**Problem requirements**
What lines of the material below include the string "Uset"? Copy all of them.

Segment Start: Records for processing

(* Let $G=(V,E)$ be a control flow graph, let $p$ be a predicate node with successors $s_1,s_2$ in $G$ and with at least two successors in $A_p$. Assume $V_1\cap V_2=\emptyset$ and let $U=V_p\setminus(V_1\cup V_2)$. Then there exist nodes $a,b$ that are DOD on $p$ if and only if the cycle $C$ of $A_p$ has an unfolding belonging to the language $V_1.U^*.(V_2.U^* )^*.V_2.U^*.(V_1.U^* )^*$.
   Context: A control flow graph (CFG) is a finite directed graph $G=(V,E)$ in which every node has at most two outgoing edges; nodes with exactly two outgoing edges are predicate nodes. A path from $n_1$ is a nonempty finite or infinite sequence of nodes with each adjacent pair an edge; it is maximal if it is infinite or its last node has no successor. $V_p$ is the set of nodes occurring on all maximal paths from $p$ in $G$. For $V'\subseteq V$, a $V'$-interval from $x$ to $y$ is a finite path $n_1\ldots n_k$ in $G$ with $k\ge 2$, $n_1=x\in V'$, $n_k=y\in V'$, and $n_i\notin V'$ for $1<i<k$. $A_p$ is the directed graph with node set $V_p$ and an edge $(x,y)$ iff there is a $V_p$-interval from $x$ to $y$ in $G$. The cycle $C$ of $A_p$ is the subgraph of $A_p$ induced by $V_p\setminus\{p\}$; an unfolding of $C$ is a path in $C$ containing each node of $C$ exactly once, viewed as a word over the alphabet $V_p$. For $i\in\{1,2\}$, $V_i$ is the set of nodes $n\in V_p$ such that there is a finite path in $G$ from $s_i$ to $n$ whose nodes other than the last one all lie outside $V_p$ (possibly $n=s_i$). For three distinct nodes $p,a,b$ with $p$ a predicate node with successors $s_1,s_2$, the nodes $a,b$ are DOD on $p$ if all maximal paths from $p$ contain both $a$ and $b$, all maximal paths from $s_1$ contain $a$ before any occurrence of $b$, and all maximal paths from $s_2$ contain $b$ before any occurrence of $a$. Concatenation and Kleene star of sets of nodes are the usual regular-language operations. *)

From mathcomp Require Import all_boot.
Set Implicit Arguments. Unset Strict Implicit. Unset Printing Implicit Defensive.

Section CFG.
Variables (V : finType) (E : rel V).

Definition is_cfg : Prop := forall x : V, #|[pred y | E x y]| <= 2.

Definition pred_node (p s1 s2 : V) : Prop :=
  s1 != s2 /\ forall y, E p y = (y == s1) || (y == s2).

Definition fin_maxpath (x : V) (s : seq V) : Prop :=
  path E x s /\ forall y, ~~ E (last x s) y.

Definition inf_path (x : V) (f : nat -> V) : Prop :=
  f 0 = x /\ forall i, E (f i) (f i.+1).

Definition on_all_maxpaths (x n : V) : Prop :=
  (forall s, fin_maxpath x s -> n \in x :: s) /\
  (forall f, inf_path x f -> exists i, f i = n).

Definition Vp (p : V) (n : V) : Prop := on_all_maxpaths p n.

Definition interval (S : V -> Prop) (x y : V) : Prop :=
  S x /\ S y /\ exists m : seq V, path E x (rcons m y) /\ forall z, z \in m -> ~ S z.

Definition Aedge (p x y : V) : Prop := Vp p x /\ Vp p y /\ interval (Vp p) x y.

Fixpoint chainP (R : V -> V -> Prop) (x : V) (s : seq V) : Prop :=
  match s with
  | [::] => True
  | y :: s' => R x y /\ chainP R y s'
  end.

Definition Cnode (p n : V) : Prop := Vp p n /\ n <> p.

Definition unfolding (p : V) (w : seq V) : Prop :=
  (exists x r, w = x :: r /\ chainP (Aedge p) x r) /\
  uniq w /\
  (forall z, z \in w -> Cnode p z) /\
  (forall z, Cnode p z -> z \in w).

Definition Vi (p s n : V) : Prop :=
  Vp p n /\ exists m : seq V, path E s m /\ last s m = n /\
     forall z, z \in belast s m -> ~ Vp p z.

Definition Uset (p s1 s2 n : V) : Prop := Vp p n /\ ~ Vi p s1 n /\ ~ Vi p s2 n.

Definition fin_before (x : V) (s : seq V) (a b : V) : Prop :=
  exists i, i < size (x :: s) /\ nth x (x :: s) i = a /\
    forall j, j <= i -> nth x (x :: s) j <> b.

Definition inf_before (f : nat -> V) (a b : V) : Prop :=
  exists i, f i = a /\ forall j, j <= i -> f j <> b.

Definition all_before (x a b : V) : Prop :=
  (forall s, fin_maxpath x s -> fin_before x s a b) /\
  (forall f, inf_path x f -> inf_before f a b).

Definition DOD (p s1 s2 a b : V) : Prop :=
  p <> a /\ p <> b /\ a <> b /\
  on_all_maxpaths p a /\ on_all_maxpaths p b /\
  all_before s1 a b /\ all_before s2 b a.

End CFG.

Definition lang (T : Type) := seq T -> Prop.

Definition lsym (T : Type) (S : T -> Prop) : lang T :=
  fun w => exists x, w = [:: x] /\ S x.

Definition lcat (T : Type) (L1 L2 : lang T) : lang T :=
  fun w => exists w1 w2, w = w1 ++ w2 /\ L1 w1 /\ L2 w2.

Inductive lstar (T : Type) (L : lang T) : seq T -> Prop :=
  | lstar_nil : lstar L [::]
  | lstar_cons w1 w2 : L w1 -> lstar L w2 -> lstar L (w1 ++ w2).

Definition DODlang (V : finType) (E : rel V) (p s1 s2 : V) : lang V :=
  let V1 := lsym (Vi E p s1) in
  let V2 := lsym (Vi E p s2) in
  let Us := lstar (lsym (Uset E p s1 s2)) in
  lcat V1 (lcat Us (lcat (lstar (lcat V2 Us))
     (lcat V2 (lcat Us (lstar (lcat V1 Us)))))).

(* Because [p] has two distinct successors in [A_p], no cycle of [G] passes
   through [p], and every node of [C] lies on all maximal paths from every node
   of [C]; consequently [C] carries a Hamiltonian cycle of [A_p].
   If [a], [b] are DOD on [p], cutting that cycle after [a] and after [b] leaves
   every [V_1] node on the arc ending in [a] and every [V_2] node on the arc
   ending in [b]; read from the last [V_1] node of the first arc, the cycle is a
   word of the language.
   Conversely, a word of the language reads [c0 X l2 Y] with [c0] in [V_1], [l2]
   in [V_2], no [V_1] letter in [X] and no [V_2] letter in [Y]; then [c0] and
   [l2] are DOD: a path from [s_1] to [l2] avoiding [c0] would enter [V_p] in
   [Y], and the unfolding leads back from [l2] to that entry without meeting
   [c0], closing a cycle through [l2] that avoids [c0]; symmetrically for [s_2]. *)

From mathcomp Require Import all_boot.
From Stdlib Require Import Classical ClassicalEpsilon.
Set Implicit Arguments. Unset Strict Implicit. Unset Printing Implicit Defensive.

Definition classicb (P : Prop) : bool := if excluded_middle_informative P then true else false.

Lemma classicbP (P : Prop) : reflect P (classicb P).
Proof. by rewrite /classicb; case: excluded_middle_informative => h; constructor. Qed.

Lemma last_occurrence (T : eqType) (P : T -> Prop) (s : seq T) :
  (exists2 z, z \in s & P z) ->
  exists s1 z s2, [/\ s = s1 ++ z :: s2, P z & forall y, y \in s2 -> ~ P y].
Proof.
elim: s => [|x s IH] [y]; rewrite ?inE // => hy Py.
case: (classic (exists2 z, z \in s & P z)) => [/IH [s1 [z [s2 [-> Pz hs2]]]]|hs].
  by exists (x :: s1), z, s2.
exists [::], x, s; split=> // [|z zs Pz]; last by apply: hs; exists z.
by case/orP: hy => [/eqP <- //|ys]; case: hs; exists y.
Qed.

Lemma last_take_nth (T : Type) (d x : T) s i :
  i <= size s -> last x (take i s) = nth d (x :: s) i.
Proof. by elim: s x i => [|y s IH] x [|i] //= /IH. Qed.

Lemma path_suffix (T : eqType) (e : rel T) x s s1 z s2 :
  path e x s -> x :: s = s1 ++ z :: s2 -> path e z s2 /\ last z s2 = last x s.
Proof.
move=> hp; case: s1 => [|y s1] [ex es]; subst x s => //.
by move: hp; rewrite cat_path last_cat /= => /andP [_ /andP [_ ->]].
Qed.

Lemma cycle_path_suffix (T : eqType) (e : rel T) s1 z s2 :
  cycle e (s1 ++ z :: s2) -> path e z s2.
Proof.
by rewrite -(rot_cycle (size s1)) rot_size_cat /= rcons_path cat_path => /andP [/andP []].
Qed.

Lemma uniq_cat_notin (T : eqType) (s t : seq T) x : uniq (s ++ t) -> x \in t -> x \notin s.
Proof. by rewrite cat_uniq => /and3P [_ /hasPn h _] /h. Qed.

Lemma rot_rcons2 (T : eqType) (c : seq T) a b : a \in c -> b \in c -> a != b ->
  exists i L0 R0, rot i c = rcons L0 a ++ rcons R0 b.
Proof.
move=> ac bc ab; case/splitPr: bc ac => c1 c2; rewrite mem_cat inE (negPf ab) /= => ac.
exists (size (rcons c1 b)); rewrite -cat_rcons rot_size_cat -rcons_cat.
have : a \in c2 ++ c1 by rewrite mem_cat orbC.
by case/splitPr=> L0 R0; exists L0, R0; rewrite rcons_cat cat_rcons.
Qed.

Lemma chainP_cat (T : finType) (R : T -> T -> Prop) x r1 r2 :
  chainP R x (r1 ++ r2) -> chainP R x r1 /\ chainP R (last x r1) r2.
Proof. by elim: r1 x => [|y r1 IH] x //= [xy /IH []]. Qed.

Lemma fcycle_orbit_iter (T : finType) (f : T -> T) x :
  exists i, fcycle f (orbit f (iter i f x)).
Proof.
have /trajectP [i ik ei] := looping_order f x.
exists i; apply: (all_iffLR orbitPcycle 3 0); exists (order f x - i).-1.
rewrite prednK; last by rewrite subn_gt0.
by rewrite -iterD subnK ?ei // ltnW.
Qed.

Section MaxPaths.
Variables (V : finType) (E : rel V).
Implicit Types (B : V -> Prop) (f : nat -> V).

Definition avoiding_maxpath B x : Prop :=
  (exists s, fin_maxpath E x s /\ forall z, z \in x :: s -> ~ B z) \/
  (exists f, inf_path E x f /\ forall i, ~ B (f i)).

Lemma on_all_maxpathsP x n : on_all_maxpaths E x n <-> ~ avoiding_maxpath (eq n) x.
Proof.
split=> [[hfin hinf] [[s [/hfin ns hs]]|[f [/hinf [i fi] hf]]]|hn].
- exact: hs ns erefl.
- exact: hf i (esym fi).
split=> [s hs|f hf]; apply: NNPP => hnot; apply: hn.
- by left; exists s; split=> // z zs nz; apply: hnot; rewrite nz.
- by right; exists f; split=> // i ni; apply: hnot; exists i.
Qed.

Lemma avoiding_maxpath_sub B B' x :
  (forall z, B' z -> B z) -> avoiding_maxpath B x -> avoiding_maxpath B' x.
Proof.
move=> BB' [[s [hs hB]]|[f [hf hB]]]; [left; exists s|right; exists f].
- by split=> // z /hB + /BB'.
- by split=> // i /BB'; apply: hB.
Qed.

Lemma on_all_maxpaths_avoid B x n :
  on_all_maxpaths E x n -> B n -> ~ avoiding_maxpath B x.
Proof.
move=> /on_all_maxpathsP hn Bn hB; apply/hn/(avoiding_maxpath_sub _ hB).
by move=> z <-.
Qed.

Segment End: Records for processing

**Finished task**
Definition Uset (p s1 s2 n : V) : Prop := Vp p n /\ ~ Vi p s1 n /\ ~ Vi p s2 n.
  let Us := lstar (lsym (Uset E p s1 s2)) in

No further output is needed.